“Orange is the New Black” alum Laura Prepon had fought bulimia and won. Still, this does not mean everything is all rosy afterward.
In a new book, she revealed that her experiences after her bulimia struggle had been both quite intense and healing at the same time. Most of these revolved around her deeper exploration of her relationship with her mom and how this is affecting her as a mother to her own children.
Prepon is usually very private, so her interviews are few and far between. However, she did not hold nothing back in her own book, “You and I, as Mothers: A Raw and Honest Guide to Motherhood.” The actress, 40, already a mother of 2, shared everything in this book, from her loss of pregnancy to motherhood.
In the book, she wrote that she was out of the house so much while she was young that she never really got to evaluate her life or her childhood. She never felt the need to, she wrote. However, her mom triggered her into confronting her past, and she realized that she experienced quite a lot of dysfunction. She’s using her childhood life to know what to pass down to her own children and what not to continue.
“When I looked back at that, I really started to realize that there was a lot of dysfunction that was passed down. There were a lot of amazing things, but there was also a lot of dysfunction,” she wrote. “Trying to come to terms with that now being a mother while trying to figure out what to continue and what to prevent from being passed down to my daughter was a real eye-opener for me,” she added.

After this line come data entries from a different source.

Theorem mainTheorem4 (R : realType) (D : nat)
    (pis : R) (mu1s mu2s : 'I_D -> R)
    (hpis : 0 < pis < 1)
    (hmu1s : forall i, 0 <= mu1s i <= 1)
    (hmu2s : forall i, 0 <= mu2s i <= 1)
    (hsigma : forall i j : 'I_D, i != j ->
        4 * pis * (1 - pis) * mustar mu1s mu2s i * mustar mu1s mu2s j != 0)
    (mu10 : 'I_D -> R)
    (hmu10 : forall i, 0 <= mu10 i <= 1)
    (hT : Z1lam pis (lambda pis mu1s mu2s mu10) < 1) :
  exists2 alpha0 : R, 0 < alpha0 &
  forall alpha : R, 0 < alpha <= alpha0 ->
  exists2 delta : R, 0 < delta &
  forall (pi1 : R) (mu1 mu2 : 'I_D -> R),
    0 <= pi1 < delta ->
    (forall i, 0 <= mu1 i <= 1) -> (forall i, 0 <= mu2 i <= 1) ->
    (forall i, `|mu1 i - mu10 i| < delta) ->
    (forall i, `|mu2 i - xbar pis mu1s mu2s i| < delta) ->
    exists mu1inf mu2inf : 'I_D -> R,
      [/\ (fun n => (gd_iter pis mu1s mu2s alpha n (pi1, mu1, mu2)).1.1) @ \oo --> (0 : R),
          forall i, (fun n => (gd_iter pis mu1s mu2s alpha n (pi1, mu1, mu2)).1.2 i) @ \oo --> mu1inf i
        & forall i, (fun n => (gd_iter pis mu1s mu2s alpha n (pi1, mu1, mu2)).2 i) @ \oo --> mu2inf i].
Proof.
have xbar01 := xbar_in01 hpis hmu1s hmu2s hsigma hT.
have var_gt0 i : 0 < xbar pis mu1s mu2s i * (1 - xbar pis mu1s mu2s i).
  by have /andP [? ?] := xbar01 i; rewrite mulr_gt0 ?subr_gt0.
have [alpha0 alpha0_gt0 alpha0_lt] := exists_pos_lt_all var_gt0.
exists alpha0 => // alpha /andP [alpha_gt0 alpha_le].
have alpha_lt i := le_lt_trans alpha_le (alpha0_lt i).
have [delta delta_gt0 attract] := gd_attracts hpis hmu1s hmu2s hsigma hT alpha_gt0 alpha_lt.
by exists delta => // pi1 mu1 mu2 pi1_small _ _; exact: attract.
Qed.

She also wrote that she had an epiphany that her mom was not perfect. However, this came with a realization that everything her mom did was her way of raising and helping her.
She came about this by exploring how she was mothered and how her mother was mothered. It was an intense process for her to get down to what her life with mom was truly like and what kind of mothering she will do to her own children.
She sometimes questioned how her mother taught her certain things and how sometimes her mother’s actions were even damaging to her. She realized that her mom never meant anything bad for her, but it was only her way to help Laura reach success in life. “It’s a complicated relationship with your parents, especially with daughters and mothers. Some days it’s good and other days I have a hard time understanding,” she concluded.